#### DATASET EXTRACT

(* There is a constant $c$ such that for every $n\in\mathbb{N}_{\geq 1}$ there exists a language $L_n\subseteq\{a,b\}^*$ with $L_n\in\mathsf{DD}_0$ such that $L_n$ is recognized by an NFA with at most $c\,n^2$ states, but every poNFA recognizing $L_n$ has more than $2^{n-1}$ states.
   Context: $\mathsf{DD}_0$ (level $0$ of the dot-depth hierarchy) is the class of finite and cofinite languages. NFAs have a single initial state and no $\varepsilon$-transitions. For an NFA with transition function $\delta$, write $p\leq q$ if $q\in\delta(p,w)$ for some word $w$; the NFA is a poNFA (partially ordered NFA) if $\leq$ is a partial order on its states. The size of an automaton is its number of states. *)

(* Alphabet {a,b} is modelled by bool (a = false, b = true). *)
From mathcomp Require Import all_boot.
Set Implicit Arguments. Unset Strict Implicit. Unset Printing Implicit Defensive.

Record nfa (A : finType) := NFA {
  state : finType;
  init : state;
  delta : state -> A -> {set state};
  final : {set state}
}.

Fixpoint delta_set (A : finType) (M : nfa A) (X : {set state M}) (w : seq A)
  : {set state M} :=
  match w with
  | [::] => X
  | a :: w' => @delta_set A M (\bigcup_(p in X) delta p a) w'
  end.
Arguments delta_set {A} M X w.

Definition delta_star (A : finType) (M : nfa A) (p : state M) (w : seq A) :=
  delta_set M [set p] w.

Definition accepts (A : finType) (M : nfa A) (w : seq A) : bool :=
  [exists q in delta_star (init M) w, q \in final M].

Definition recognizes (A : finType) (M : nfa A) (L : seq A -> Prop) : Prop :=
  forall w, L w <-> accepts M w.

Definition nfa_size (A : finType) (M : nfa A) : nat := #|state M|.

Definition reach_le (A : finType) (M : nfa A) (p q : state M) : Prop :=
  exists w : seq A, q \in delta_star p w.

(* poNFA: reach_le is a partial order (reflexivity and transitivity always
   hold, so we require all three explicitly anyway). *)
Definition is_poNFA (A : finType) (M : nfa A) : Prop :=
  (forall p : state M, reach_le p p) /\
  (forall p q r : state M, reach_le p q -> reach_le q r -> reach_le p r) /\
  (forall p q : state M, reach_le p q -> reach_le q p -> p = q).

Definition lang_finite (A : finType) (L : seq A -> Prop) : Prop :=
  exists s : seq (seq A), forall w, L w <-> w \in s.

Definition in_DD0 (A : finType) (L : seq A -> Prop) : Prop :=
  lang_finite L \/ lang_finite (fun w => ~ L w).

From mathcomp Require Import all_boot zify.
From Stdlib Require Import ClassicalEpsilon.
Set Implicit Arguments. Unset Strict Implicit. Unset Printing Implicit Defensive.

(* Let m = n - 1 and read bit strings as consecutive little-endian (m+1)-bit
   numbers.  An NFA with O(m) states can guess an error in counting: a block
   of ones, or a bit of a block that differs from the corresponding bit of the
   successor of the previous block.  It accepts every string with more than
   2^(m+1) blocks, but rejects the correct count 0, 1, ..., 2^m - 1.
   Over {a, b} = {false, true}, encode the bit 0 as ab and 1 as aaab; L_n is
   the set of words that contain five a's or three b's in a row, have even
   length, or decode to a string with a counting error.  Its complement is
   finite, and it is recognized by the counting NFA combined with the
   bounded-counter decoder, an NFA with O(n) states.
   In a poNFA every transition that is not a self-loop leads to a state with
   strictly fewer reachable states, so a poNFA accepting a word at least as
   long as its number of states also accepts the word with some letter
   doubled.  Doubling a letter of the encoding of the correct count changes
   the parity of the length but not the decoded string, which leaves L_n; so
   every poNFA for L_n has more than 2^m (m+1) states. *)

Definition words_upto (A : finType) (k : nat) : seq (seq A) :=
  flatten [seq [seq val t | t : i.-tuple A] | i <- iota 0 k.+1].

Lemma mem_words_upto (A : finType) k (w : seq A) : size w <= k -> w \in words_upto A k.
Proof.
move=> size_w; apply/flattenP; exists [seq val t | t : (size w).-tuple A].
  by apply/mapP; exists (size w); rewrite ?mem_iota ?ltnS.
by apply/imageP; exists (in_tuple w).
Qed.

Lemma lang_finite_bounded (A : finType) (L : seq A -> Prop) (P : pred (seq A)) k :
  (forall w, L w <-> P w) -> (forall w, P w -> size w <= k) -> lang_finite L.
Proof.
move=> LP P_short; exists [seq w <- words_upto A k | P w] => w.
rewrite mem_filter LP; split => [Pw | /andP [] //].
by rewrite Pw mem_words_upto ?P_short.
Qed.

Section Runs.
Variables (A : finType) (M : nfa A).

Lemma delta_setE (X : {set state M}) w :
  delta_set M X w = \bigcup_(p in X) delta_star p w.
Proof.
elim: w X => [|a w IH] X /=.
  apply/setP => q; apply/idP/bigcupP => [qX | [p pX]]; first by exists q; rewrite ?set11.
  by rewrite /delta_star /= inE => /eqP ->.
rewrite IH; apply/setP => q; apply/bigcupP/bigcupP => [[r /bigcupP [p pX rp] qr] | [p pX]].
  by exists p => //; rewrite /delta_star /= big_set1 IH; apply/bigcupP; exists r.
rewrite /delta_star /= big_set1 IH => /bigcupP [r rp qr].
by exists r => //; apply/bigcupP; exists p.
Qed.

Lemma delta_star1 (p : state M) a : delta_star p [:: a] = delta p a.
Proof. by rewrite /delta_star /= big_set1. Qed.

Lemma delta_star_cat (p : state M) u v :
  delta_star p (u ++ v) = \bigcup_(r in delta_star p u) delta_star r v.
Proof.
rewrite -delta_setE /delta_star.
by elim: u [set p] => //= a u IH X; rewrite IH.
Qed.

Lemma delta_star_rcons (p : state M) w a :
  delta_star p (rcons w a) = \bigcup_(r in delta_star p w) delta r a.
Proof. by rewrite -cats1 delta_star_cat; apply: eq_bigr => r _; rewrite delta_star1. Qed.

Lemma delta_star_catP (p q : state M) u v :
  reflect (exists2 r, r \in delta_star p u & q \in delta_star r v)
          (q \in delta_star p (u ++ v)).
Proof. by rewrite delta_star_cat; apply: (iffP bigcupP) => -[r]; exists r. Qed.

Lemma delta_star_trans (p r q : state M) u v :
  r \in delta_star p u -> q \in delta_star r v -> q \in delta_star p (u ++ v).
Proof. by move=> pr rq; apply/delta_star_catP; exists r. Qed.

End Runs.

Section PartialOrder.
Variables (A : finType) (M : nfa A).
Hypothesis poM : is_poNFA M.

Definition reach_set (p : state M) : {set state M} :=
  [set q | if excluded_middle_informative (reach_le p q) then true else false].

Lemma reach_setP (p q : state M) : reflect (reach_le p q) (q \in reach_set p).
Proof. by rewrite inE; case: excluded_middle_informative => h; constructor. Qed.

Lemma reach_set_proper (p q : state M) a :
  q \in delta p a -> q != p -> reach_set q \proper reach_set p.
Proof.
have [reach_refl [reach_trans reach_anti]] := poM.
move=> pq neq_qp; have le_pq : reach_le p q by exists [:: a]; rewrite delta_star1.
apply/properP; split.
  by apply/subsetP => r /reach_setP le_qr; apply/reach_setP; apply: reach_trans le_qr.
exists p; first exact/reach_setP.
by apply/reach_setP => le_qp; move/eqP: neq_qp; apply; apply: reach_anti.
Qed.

########

● **TASK ITEM**: Please give the number of lines in the data above that contain the word "mathcomp", with nothing else.

● **ANSWER SPACE**: 2